General characteristics
- Class & type: SC-1-class submarine chaser
- Displacement: 77 tons normal; 85 tons full load;
- Length: 110 ft (34 m) overall; 105 ft (32 m) between perpendiculars;
- Beam: 14 ft 9 in (4.50 m)
- Draft: 5 ft 7 in (1.70 m) normal; 6 ft 6 in (1.98 m) full load;
- Propulsion: Three 220 bhp (160 kW) Standard Motor Construction Company six-cylinder gasoline engines, three shafts, 2,400 US gallons (9,100 L) of gasoline; one Standard Motor Construction Company two-cylinder gasoline-powered auxiliary engine
- Speed: 18 knots (33 km/h)
- Range: 1,000 nautical miles (1,900 km) at 10 knots (19 km/h)
- Complement: 27 (2 officers, 25 enlisted men)
- Sensors & processing systems: One Submarine Signal Company S.C. C Tube, M.B. Tube, or K Tube hydrophone
- Armament: 1 × 3-inch (76.2 mm)/23-caliber gun mount; 2 × Colt .30 caliber (7.62 mm) machine guns; 1 × Y-gun depth charge projector;

= USS SC-21 =

US Navy anti-submarine warfare ship

USS SC-21, until July 1920 known as USS Submarine Chaser No. 21 or USS S.C. 21, was an SC-1-class submarine chaser built for the United States Navy during World War I.

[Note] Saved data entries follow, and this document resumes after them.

Lemma genmx_fullsp : <<V>>%MS = V.
Proof. exact: genmx_id. Qed.

Lemma eq_fullsp X : <<X>>%MS = X -> \rank X = l -> X = V.
Proof.
move=> cX rX; apply: genmx_eq_sub_rank genmx_fullsp _ _ => //.
  by rewrite genmxE submx1.
by rewrite rX rank_fullsp.
Qed.

Lemma meet_set0 : meet set0 = V.
Proof. by rewrite /meet big_pred0 // => H; rewrite inE. Qed.

Lemma genmx_meet B : <<meet B>>%MS = meet B.
Proof. exact: genmx_id. Qed.

Lemma meet_sub B H : H \in B -> (meet B <= H)%MS.
Proof. by move=> HB; rewrite genmxE; apply: bigcapmx_inf HB _. Qed.

Lemma sub_meet n (W : 'M[F]_(n, l)) B :
  (W <= meet B)%MS = [forall H in B, W <= H]%MS.
Proof. by rewrite genmxE; apply/sub_bigcapmxP/forall_inP => sWB H /sWB. Qed.

Lemma genmx_intlat A X : X \in intlat A -> <<X>>%MS = X.
Proof. by case/imsetP=> B _ ->; apply: genmx_meet. Qed.

Lemma fullsp_intlat A : V \in intlat A.
Proof. by rewrite -meet_set0; apply: imset_f; rewrite powersetE sub0set. Qed.

Lemma mobius_fuelE A n X : (l - \rank X < n)%N -> mobius_fuel A n X = mobius A X.
Proof.
have : (l - \rank X < l.+1)%N by rewrite ltnS leq_subr.
rewrite /mobius; move: l.+1 => n'.
elim: n n' X => [|n IHn] [|n'] X; rewrite ?ltn0 // => /= hn' hn.
case: eqP => // _; congr (- _); apply: eq_bigr => Y /andP[_].
rewrite ltmxErank => /andP[_ rXY]; have := rank_leq_col Y.
by move=> rY; apply: IHn; lia.
Qed.

Lemma mobius_fullsp A : mobius A V = 1.
Proof. by rewrite /mobius /= eqxx. Qed.

Lemma sum_mobius_interval A X : X \in intlat A ->
  \sum_(Y in intlat A | (X <= Y)%MS) mobius A Y = (X == V)%:R.
Proof.
move=> XA; have cX := genmx_intlat XA.
have [->|nXV] := eqVneq X V.
  rewrite (eq_bigl (pred1 V)) ?big_pred1_eq ?mobius_fullsp // => Y /=.
  apply/andP/eqP => [[YA sVY]|->]; last by rewrite fullsp_intlat submx_refl.
  apply: eq_fullsp; first exact: genmx_intlat YA.
  by apply/eqP; rewrite eqn_leq rank_leq_col -{1}rank_fullsp mxrankS.
rewrite (bigD1 X) /=; last by rewrite XA submx_refl.
rewrite {1}/mobius /= (negbTE nXV) addrC; apply/eqP; rewrite subr_eq0; apply/eqP.
apply: eq_big => Y.
  by rewrite -andbA; apply: andb_id2l => YA; rewrite ltmx_genmx ?(genmx_intlat YA).
case/andP=> /andP[YA sXY] nYX; have := ltmx_genmx cX (genmx_intlat YA).
rewrite sXY nYX ltmxErank => /andP[_ rXY]; have := rank_leq_col Y.
by move=> rY; rewrite mobius_fuelE //; lia.
Qed.

Lemma arrangement_hyperplane A H : arrangement A -> H \in A ->
  <<H>>%MS = H /\ \rank H = l.-1.
Proof. by move/forall_inP=> hA /hA /andP[/eqP -> /eqP ->]. Qed.

Definition flat_of A n (W : 'M[F]_(n, l)) : 'M[F]_l :=
  meet [set H in A | (W <= H)%MS].

Definition complement A n : {set 'M[F]_(n, l)} :=
  [set W : 'M[F]_(n, l) | [forall H in A, ~~ (W <= H)%MS]].

Lemma flat_of_intlat A n (W : 'M[F]_(n, l)) : flat_of A W \in intlat A.
Proof.
by apply: imset_f; rewrite powersetE; apply/subsetP => H; rewrite inE => /andP[].
Qed.

Lemma flat_of_sub A n (W : 'M[F]_(n, l)) X : X \in intlat A ->
  (flat_of A W <= X)%MS = (W <= X)%MS.
Proof.
case/imsetP=> B; rewrite powersetE => /subsetP sBA ->.
have sW_flat : (W <= flat_of A W)%MS.
  by rewrite sub_meet; apply/forall_inP => H; rewrite inE => /andP[].
apply/idP/idP => [/(submx_trans sW_flat) // | sWB].
rewrite /meet genmxE; apply/sub_bigcapmxP => H HB; apply: meet_sub.
by rewrite inE sBA //=; move: sWB; rewrite sub_meet => /forall_inP; apply.
Qed.

Lemma flat_of_eq_fullsp A n (W : 'M[F]_(n, l)) : arrangement A ->
  (flat_of A W == V) = (W \in complement A n).
Proof.
move=> hA; rewrite inE; apply/eqP/forall_inP => [WV H HA|WA].
  apply/negP => sWH; have [_ rH] := arrangement_hyperplane hA HA.
  have /mxrankS : (flat_of A W <= H)%MS by apply: meet_sub; rewrite inE HA.
  by rewrite WV rank_fullsp rH; lia.
rewrite /flat_of -meet_set0; congr meet; apply/setP => H; rewrite !inE.
by apply/negbTE/andP => -[HA sWH]; move: (WA H HA); rewrite sWH.
Qed.

Lemma horner_charpoly_arr A x :
  (charpoly_arr A).[x] = \sum_(X in intlat A) mobius A X * x ^+ \rank X.
Proof.
rewrite horner_sum; apply: eq_bigr => X _.
by rewrite hornerM hornerC hornerXn.
Qed.

Lemma charpoly_arr_expq A n : arrangement A ->
  (charpoly_arr A).[(q ^ n)%:R] = #|complement A n|%:R.
Proof.
move=> hA; rewrite horner_charpoly_arr.
have card_sub X : (q ^ n)%:R ^+ \rank X = \sum_(W : 'M[F]_(n, l)) (W <= X)%MS%:R :> int.
  rewrite -natrX -expnM -(card_submx n X) -sum1_card natr_sum big_mkcond /=.
  by apply: eq_bigr => W _; rewrite inE; case: (W <= X)%MS.
under eq_bigr do rewrite card_sub mulr_sumr.
rewrite exchange_big /= -sum1_card natr_sum [RHS]big_mkcond /=.
apply: eq_bigr => W _; rewrite -flat_of_eq_fullsp //.
rewrite (_ : (if _ then _ else _) = (flat_of A W == V)%:R); last by case: eqP.
rewrite -(sum_mobius_interval (flat_of_intlat A W)) big_mkcondr /=.
apply: eq_bigr => X XA; rewrite flat_of_sub //.
by case: (W <= X)%MS; rewrite ?mulr1 ?mulr0.
Qed.

Lemma arrangement_A_all : arrangement (A_all F l).
Proof. by apply/forall_inP => H; rewrite inE. Qed.

Lemma arrangement_sub_A_all A : arrangement A -> A \subset A_all F l.
Proof. by move/forall_inP=> hA; apply/subsetP => H /hA; rewrite inE. Qed.

Lemma complement_A_all n :
  complement (A_all F l) n = [set W : 'M[F]_(n, l) | row_full W].
Proof.
apply/setP => W; rewrite !inE; apply/forall_inP/idP => [WA|fW H].
  apply/negPn/negP => /not_row_full_sub_kermx[u u0 sWu].
  suff /WA : <<kermx u^T>>%MS \in A_all F l by rewrite genmxE sWu.
  rewrite inE /is_hyperplane /is_subspace genmx_id genmxE mxrank_ker mxrank_tr.
  by rewrite rank_rV u0 subn1 !eqxx.
rewrite inE => /andP[_ /eqP rH]; apply/negP => /mxrankS.
by rewrite (eqP fW) rH; lia.
Qed.

Lemma card_complement_A_all n :
  #|complement (A_all F l) n| = (\prod_(i < l) (q ^ n - q ^ i))%N.
Proof.
rewrite -card_row_free.
have -> : [set M : 'M[F]_(l, n) | row_free M] = trmx @: complement (A_all F l) n.
  rewrite complement_A_all //; apply/setP => M; rewrite inE.
  apply/idP/imsetP => [fM|[W]].
    by exists M^T; rewrite ?trmxK // inE /row_full mxrank_tr.
  by rewrite inE /row_full => fW ->; rewrite /row_free mxrank_tr.
by rewrite card_imset //; apply: trmx_inj.
Qed.

Lemma charpoly_A_all :
  charpoly_arr (A_all F l) = \prod_(i < l) ('X - ((q ^ i)%:R)%:P).
Proof.
apply/eqP; rewrite -subr_eq0; apply/eqP.
have q_gt1 : (1 < q)%N := card_finNzRing_gt1 F.
apply: (@poly_inj_roots_eq0 _ _ (fun k => (q ^ (l + k))%:R)).
  by move=> i j /eqP; rewrite eqr_nat => /eqP /(expnI q_gt1) /addnI.
move=> k; rewrite hornerD hornerN charpoly_arr_expq ?arrangement_A_all //.
rewrite card_complement_A_all horner_prod natr_prod.
apply/eqP; rewrite subr_eq0; apply/eqP.
apply: eq_bigr => i _; rewrite hornerXsubC natrB // leq_pexp2l //; first lia.
by have := ltn_ord i; lia.
Qed.

Section Hyperplanes.
Variable A : {set 'M[F]_l}.
Hypothesis hA : arrangement A.

Lemma intlat_hyperplane X : (X \in intlat A) && (\rank X == l.-1) = (X \in A).
Proof.
apply/idP/idP => [/andP[XA /eqP rX]|HA]; last first.
  have [cX ->] := arrangement_hyperplane hA HA; rewrite eqxx andbT.
  by apply/imsetP; exists [set X]; rewrite ?powersetE ?sub1set // /meet big_set1 cX.
have cX := genmx_intlat XA; case/imsetP: XA => B; rewrite powersetE => /subsetP sBA eX.
have [B0|[H HB]] := set_0Vmem B.
  by move: rX; rewrite eX B0 meet_set0 rank_fullsp; lia.
have [cH rH] := arrangement_hyperplane hA (sBA _ HB).
suff -> : X = H by apply: sBA.
by apply: genmx_eq_sub_rank; rewrite ?rX ?rH // eX meet_sub.
Qed.

Lemma mobius_hyperplane H : H \in A -> mobius A H = -1.
Proof.
move=> HA; have [cH rH] := arrangement_hyperplane hA HA.
have /andP[HL _] : (H \in intlat A) && (\rank H == l.-1) by rewrite intlat_hyperplane.
have nHV : H != V by apply/eqP => HV; move: rH; rewrite HV rank_fullsp; lia.
have := sum_mobius_interval HL.
rewrite (negbTE nHV) (bigD1 H) /=; last by rewrite HL submx_refl.
rewrite (eq_bigl (pred1 V)) ?big_pred1_eq ?mobius_fullsp => [/eqP|Y /=].
  by rewrite addr_eq0 => /eqP.
apply/andP/eqP => [[/andP[YL sHY] nYH]|->]; last first.
  by rewrite fullsp_intlat genmxE submx1 eq_sym nHV.
have := ltmx_genmx cH (genmx_intlat YL); rewrite sHY nYH ltmxErank => /andP[_ rHY].
by apply: eq_fullsp (genmx_intlat YL) _; have := rank_leq_col Y; lia.
Qed.

Lemma coef_charpoly_arr : (charpoly_arr A)`_l.-1 = - #|A|%:R.
Proof.
rewrite coef_sum (eq_bigr (fun X => if l.-1 == \rank X then mobius A X else 0)).
  rewrite -big_mkcondr (eq_bigl (mem A)) => [|X]; last first.
    by rewrite eq_sym intlat_hyperplane.
  by rewrite (eq_bigr (fun=> -1)) ?sumr_const ?mulNrn // => H /mobius_hyperplane.
by move=> X _; rewrite coefCM coefXn; case: eqP; rewrite ?mulr1 ?mulr0.
Qed.

Lemma charpoly_arr_root_A_all : (charpoly_arr A).[(q ^ l.-1)%:R] = 0 -> A = A_all F l.
Proof.
rewrite charpoly_arr_expq // => /eqP; rewrite pnatr_eq0 cards_eq0 => /eqP noW.
apply/eqP; rewrite eqEsubset arrangement_sub_A_all //=; apply/subsetP => H0.
rewrite inE => /andP[/eqP cH0 /eqP rH0]; apply/negPn/negP => H0A.
pose W0 : 'M[F]_(l.-1, l) := castmx (rH0, erefl l) (row_base H0).
suff : W0 \in complement A l.-1 by rewrite noW inE.
rewrite inE; apply/forall_inP => H HA; apply/negP.
rewrite /W0 (eqmx_cast _ (rH0, erefl l)) eq_row_base => sH0H.
have [cH rH] := arrangement_hyperplane hA HA.
suff eH : H0 = H by rewrite eH HA in H0A.
by apply: genmx_eq_sub_rank; rewrite ?rH ?rH0.
Qed.

End Hyperplanes.

Lemma card_A_all : #|A_all F l| = (\sum_(i < l) q ^ i)%N.
Proof.
have := coef_charpoly_arr arrangement_A_all.
rewrite charpoly_A_all.
rewrite -(big_map (fun i : 'I_l => (q ^ i)%:R) xpredT (fun x => 'X - x%:P)).
set s := map _ _.
have sz_s : size s = l by rewrite size_map /index_enum locked_withE -enumT size_enum_ord.
rewrite -[in LHS]sz_s coefPn_prod_XsubC ?sz_s -?lt0n // big_map -natr_sum.
by move/oppr_inj/eqP; rewrite eqr_nat => /eqP.
Qed.

End Arrangements.

Theorem mainTheorem3 (F : finFieldType) (l : nat) (hl : (1 <= l)%N)
    (A : {set 'M[F]_l}) (hA : arrangement A) :
  let q := #|F| in
  [<-> A = A_all F l;
       #|A| = ((q ^ l - 1) %/ (q - 1))%N;
       charpoly_arr A = \prod_(i < l) ('X - ((q ^ i)%:R)%:P);
       (charpoly_arr A).[((q ^ l.-1)%N)%:R] = 0].
Proof.
move=> q; have q_gt1 : (1 < q)%N := card_finNzRing_gt1 F.
rewrite sum_expn_divn //; tfae.
- by move=> ->; rewrite card_A_all.
- move=> cardA; suff -> : A = A_all F l by rewrite charpoly_A_all.
  by apply/eqP; rewrite eqEcard arrangement_sub_A_all // card_A_all // cardA /=.
- move=> ->; rewrite horner_prod (bigD1 (Ordinal (etrans (ltn_predL l) hl))) //=.
  by rewrite hornerXsubC subrr mul0r.
- exact: charpoly_arr_root_A_all.
Qed.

SC-21 was a wooden-hulled 110-foot (34 m) submarine chaser built at the New York Navy Yard at Brooklyn, New York. She was commissioned on either 20 September or 19 October 1917 as USS Submarine Chaser No. 21, abbreviated at the time as USS S.C. 21.

Assigned to the Second Naval District, S.C. 21 operated with the Experimental Unit at New London, Connecticut.

When the U.S. Navy adopted its modern hull number system on 17 July 1920, Submarine Chaser No. 21 was classified as SC-21 and her name was shortened to USS SC-21.

On 24 June 1921, the Navy sold SC-21 to Joseph G. Hitner of Philadelphia, Pennsylvania.